Take every line from the records below that includes the word "subnDA".

[[ Record excerpts, beginning ]]

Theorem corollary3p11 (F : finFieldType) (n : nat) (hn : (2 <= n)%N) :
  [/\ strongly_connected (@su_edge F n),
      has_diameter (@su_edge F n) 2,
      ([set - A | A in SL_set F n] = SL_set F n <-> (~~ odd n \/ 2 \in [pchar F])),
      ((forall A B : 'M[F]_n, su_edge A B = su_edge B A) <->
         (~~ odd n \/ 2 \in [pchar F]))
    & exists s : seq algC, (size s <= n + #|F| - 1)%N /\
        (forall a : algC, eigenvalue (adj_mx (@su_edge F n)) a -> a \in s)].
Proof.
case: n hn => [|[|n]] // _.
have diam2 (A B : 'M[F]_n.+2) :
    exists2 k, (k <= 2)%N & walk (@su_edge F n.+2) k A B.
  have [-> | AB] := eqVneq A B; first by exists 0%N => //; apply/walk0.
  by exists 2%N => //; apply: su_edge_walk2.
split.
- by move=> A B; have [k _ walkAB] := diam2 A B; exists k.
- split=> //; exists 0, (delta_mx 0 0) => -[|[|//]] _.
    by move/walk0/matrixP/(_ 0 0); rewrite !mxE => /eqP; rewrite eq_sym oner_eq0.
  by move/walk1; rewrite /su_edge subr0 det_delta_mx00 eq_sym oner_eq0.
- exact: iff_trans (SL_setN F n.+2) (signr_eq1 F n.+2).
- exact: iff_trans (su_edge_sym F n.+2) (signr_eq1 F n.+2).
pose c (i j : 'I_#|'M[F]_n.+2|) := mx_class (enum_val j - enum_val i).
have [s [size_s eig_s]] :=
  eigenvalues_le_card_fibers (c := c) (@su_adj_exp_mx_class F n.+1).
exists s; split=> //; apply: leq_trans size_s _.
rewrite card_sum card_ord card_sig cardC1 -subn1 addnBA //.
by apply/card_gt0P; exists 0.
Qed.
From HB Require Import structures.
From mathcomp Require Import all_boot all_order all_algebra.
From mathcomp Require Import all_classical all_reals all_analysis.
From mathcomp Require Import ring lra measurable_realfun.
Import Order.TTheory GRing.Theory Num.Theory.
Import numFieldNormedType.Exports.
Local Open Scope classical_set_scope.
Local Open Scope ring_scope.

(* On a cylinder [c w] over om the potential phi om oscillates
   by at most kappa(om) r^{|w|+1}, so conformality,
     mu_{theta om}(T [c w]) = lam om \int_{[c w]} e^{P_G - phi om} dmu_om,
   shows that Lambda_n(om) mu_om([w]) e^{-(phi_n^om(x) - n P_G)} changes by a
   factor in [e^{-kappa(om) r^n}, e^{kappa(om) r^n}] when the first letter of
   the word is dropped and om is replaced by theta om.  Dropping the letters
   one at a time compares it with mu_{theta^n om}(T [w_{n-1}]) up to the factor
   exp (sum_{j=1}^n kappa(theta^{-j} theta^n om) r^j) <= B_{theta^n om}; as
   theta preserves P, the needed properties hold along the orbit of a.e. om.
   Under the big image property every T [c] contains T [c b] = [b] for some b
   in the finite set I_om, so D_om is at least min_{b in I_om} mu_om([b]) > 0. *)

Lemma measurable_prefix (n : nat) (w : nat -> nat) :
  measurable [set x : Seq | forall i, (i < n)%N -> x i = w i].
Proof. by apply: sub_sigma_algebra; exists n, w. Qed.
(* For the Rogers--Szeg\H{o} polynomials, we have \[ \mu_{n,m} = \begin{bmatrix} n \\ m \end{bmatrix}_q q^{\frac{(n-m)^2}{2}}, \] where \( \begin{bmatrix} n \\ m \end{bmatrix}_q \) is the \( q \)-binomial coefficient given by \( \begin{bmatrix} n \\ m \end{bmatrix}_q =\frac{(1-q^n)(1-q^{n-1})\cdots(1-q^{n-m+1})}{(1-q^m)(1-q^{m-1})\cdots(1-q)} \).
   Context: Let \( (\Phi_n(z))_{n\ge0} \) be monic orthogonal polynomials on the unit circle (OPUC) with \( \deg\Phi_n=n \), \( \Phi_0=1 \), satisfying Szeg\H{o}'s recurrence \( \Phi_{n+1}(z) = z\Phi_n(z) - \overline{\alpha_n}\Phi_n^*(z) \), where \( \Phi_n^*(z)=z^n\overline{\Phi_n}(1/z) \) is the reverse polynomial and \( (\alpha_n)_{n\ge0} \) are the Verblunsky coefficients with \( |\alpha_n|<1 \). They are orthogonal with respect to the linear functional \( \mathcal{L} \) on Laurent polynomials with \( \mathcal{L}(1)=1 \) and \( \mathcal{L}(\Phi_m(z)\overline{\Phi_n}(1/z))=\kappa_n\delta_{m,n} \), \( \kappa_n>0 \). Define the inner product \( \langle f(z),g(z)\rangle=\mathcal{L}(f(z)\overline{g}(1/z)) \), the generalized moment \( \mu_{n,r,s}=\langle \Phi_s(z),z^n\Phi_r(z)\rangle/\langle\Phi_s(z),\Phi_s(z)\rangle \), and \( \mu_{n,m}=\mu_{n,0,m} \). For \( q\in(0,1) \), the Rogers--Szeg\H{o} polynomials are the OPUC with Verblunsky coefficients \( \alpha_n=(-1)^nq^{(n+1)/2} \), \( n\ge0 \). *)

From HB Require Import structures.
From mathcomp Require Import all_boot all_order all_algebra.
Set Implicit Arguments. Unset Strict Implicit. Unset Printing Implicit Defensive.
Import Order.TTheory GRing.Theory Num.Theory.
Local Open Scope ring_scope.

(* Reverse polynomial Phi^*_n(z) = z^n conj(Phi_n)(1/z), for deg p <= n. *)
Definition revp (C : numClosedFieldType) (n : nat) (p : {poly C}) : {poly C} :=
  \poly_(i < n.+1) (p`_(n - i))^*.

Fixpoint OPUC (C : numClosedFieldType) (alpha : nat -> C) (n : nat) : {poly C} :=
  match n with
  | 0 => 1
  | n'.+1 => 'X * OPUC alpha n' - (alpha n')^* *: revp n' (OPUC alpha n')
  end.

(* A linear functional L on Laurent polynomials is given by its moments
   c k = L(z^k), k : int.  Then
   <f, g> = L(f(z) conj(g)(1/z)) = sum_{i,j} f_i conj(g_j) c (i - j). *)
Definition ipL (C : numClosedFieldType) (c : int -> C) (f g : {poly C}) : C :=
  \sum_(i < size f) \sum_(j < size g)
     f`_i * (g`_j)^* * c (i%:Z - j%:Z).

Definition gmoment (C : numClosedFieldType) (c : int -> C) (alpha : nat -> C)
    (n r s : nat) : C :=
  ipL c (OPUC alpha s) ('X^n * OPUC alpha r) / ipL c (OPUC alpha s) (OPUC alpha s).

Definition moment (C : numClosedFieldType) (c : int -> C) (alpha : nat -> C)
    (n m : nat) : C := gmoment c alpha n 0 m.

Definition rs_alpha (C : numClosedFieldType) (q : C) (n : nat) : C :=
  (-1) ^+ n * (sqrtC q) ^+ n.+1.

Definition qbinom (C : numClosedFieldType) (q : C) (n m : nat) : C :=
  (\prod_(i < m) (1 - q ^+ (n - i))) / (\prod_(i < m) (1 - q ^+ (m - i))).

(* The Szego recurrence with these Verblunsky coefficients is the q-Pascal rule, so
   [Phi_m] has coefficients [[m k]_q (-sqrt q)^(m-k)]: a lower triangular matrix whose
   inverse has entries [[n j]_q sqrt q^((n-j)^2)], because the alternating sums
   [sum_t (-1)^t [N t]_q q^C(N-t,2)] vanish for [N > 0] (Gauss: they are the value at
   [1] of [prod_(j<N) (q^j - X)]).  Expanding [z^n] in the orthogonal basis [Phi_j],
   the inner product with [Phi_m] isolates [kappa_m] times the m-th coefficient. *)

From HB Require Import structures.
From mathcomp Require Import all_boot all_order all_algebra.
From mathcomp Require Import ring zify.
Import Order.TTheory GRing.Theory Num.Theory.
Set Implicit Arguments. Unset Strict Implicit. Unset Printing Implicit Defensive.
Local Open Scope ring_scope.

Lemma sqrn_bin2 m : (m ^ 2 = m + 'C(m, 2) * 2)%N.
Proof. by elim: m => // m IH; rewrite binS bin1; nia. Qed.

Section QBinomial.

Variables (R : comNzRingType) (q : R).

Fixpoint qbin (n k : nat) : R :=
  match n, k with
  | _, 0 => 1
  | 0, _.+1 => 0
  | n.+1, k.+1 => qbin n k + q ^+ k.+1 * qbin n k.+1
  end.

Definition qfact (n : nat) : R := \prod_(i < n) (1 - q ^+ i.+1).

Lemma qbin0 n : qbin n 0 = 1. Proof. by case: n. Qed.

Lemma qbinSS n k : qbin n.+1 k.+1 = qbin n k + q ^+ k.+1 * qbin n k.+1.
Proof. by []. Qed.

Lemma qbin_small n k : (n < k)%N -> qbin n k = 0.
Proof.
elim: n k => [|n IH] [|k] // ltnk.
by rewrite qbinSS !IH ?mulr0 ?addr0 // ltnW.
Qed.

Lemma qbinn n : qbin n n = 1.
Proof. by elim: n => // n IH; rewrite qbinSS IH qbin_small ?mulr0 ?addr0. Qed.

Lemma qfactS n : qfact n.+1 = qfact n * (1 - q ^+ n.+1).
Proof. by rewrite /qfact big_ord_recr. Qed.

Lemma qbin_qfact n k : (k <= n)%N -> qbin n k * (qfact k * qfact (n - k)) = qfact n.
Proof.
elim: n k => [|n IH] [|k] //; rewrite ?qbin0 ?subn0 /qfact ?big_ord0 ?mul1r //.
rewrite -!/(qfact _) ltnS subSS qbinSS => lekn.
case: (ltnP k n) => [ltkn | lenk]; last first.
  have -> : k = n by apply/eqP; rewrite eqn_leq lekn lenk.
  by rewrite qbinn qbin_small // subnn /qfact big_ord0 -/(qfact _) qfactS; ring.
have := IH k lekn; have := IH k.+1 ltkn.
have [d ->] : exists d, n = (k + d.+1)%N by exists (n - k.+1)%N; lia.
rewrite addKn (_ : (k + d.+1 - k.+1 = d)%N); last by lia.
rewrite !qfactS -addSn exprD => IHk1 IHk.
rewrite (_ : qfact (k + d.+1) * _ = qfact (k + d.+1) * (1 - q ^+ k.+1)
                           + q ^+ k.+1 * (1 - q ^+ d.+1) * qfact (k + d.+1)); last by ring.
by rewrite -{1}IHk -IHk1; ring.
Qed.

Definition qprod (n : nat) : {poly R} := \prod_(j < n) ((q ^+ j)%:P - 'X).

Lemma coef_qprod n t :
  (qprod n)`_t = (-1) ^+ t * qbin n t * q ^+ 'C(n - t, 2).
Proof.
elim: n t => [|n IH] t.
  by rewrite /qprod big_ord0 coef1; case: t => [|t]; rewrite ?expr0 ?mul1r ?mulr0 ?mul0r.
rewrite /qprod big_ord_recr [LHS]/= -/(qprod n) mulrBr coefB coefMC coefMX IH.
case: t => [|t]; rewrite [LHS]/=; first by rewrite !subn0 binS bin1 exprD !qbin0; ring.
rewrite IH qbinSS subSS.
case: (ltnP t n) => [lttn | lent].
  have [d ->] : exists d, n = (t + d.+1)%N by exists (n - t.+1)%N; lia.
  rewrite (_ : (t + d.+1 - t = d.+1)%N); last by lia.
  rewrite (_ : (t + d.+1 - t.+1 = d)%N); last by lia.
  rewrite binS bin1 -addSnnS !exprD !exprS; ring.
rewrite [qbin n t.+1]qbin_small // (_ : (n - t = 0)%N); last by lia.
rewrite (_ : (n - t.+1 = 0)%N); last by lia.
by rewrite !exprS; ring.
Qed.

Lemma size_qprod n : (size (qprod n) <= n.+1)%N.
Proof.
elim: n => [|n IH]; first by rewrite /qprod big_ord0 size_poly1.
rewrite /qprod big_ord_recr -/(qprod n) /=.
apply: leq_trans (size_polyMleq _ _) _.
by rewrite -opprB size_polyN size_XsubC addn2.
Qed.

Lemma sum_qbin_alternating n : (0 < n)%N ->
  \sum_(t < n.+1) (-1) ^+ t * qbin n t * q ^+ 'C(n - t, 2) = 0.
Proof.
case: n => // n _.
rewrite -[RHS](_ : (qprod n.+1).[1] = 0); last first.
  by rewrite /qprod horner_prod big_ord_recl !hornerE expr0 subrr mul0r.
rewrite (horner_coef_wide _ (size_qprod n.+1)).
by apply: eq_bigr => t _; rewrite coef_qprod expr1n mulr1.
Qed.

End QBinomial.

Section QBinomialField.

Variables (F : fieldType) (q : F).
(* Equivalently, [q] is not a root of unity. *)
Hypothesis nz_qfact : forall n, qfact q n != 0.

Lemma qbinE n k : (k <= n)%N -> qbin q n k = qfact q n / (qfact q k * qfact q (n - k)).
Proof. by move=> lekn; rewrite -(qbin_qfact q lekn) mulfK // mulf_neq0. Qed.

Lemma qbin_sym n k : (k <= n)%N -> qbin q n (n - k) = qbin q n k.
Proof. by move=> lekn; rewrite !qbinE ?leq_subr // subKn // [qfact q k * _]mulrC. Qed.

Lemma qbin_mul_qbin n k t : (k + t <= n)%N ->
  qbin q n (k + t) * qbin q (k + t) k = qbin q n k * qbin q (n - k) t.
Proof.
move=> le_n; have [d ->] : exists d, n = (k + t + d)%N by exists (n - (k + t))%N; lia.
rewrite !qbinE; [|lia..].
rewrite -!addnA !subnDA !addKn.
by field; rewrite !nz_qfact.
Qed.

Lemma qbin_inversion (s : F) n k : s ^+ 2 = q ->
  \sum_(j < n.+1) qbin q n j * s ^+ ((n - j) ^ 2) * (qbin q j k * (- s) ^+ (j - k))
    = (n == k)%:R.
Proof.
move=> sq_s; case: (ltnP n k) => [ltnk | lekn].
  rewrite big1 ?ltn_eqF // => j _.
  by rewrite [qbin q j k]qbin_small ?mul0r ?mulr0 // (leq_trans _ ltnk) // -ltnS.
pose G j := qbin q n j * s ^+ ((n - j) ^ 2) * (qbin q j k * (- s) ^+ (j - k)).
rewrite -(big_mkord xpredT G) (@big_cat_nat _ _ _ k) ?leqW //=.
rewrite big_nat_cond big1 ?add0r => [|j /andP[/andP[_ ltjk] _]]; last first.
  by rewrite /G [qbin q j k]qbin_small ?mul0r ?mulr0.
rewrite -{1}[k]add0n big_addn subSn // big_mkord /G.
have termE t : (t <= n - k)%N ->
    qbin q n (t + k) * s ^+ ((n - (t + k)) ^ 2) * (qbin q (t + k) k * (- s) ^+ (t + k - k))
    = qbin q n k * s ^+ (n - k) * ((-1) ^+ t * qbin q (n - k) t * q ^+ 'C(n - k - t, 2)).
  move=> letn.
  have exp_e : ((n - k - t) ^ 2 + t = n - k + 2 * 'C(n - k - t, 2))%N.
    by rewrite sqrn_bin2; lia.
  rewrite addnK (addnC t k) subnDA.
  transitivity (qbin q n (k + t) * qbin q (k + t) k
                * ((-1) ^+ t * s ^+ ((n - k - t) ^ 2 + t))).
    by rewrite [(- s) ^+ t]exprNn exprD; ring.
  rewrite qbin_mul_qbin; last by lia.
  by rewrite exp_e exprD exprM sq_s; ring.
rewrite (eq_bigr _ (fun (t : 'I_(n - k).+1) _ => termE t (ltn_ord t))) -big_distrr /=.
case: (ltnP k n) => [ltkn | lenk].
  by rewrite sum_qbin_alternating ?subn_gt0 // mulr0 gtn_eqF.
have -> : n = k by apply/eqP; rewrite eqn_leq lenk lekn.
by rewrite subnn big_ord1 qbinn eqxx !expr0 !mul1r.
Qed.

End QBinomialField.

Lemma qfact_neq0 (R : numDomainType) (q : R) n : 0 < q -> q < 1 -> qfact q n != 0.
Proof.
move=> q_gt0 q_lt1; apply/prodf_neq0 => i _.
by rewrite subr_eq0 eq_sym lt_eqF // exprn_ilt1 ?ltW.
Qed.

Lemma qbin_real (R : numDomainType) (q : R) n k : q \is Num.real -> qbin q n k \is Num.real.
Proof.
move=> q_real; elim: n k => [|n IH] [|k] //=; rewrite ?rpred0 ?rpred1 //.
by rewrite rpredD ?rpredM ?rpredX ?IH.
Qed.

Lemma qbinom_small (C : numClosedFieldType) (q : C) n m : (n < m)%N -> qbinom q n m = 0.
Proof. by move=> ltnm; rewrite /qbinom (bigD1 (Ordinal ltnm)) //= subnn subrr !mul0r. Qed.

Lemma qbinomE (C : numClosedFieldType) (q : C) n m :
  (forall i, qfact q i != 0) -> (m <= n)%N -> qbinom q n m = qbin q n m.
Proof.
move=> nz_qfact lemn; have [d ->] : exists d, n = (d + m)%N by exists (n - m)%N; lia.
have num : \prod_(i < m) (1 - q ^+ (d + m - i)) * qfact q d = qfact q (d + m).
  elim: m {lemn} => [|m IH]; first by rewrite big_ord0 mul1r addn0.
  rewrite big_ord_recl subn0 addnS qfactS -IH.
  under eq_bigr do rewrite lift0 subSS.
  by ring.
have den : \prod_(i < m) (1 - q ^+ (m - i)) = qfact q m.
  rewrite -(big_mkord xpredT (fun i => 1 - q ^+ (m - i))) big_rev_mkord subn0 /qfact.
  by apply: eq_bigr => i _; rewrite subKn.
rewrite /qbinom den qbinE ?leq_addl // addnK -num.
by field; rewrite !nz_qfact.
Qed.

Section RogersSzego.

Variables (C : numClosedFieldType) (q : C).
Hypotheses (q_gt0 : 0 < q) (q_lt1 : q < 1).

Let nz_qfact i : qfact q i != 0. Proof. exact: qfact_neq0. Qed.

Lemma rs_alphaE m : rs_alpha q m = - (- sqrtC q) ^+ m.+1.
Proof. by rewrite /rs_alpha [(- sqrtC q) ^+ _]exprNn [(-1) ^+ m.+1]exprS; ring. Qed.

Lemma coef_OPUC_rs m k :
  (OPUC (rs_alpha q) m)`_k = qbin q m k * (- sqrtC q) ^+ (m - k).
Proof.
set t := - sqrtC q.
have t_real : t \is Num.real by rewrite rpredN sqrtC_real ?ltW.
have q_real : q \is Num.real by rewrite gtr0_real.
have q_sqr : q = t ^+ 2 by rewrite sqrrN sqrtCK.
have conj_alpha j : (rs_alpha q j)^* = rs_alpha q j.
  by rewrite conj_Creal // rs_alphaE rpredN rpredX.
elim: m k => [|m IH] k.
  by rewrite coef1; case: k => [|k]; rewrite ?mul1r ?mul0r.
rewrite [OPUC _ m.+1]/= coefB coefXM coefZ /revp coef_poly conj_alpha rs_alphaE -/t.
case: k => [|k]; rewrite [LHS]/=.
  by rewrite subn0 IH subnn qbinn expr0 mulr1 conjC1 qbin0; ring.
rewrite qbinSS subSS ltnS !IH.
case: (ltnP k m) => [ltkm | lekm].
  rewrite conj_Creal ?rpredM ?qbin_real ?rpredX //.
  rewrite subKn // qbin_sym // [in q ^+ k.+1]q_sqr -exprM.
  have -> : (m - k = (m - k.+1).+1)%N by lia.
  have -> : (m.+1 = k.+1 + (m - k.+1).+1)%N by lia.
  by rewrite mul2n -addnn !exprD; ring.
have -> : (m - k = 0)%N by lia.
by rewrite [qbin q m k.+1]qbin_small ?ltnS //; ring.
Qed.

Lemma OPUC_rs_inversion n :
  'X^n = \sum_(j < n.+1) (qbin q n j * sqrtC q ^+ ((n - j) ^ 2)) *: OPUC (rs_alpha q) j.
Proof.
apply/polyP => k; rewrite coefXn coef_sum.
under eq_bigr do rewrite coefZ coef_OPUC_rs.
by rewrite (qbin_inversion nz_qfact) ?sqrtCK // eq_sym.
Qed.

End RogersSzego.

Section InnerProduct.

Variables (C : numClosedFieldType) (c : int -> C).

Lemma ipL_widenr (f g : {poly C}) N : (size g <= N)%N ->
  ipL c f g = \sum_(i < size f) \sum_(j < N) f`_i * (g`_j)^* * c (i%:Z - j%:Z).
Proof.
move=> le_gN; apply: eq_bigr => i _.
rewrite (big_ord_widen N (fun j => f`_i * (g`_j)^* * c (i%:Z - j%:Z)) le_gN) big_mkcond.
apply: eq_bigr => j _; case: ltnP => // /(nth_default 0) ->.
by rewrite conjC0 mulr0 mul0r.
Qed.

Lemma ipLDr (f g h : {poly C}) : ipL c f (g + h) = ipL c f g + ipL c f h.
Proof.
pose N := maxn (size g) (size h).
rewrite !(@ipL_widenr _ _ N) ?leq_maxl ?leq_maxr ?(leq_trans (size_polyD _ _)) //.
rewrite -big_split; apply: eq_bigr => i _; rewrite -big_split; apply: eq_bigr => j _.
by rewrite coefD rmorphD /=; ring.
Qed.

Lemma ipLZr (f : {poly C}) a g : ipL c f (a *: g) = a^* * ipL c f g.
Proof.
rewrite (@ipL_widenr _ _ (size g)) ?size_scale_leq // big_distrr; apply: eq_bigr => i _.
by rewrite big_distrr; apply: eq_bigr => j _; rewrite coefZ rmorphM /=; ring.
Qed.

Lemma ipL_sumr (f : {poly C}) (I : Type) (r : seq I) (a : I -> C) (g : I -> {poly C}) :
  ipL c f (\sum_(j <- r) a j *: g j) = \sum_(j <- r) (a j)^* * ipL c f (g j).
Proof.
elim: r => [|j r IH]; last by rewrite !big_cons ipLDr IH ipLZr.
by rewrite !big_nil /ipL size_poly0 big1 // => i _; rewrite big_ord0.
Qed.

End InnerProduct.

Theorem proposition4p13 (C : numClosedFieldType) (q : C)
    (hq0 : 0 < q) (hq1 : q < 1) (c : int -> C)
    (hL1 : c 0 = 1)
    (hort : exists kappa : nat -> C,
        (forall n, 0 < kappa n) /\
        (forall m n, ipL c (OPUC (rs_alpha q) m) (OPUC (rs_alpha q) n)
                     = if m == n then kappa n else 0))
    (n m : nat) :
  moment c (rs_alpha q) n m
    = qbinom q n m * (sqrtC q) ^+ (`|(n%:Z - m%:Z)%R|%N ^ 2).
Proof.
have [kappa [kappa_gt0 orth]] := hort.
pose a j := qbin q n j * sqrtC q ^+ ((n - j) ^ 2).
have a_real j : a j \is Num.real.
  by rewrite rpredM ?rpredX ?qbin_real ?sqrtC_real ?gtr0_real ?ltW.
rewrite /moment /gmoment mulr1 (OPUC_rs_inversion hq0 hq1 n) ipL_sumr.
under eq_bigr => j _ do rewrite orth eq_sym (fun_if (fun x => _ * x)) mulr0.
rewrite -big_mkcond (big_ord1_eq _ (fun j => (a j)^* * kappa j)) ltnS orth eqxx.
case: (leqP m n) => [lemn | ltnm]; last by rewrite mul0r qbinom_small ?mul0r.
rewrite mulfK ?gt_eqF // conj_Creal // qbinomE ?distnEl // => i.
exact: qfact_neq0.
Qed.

[[ Record excerpts, end ]]

Answer section:
rewrite -!addnA !subnDA !addKn.
  rewrite addnK (addnC t k) subnDA.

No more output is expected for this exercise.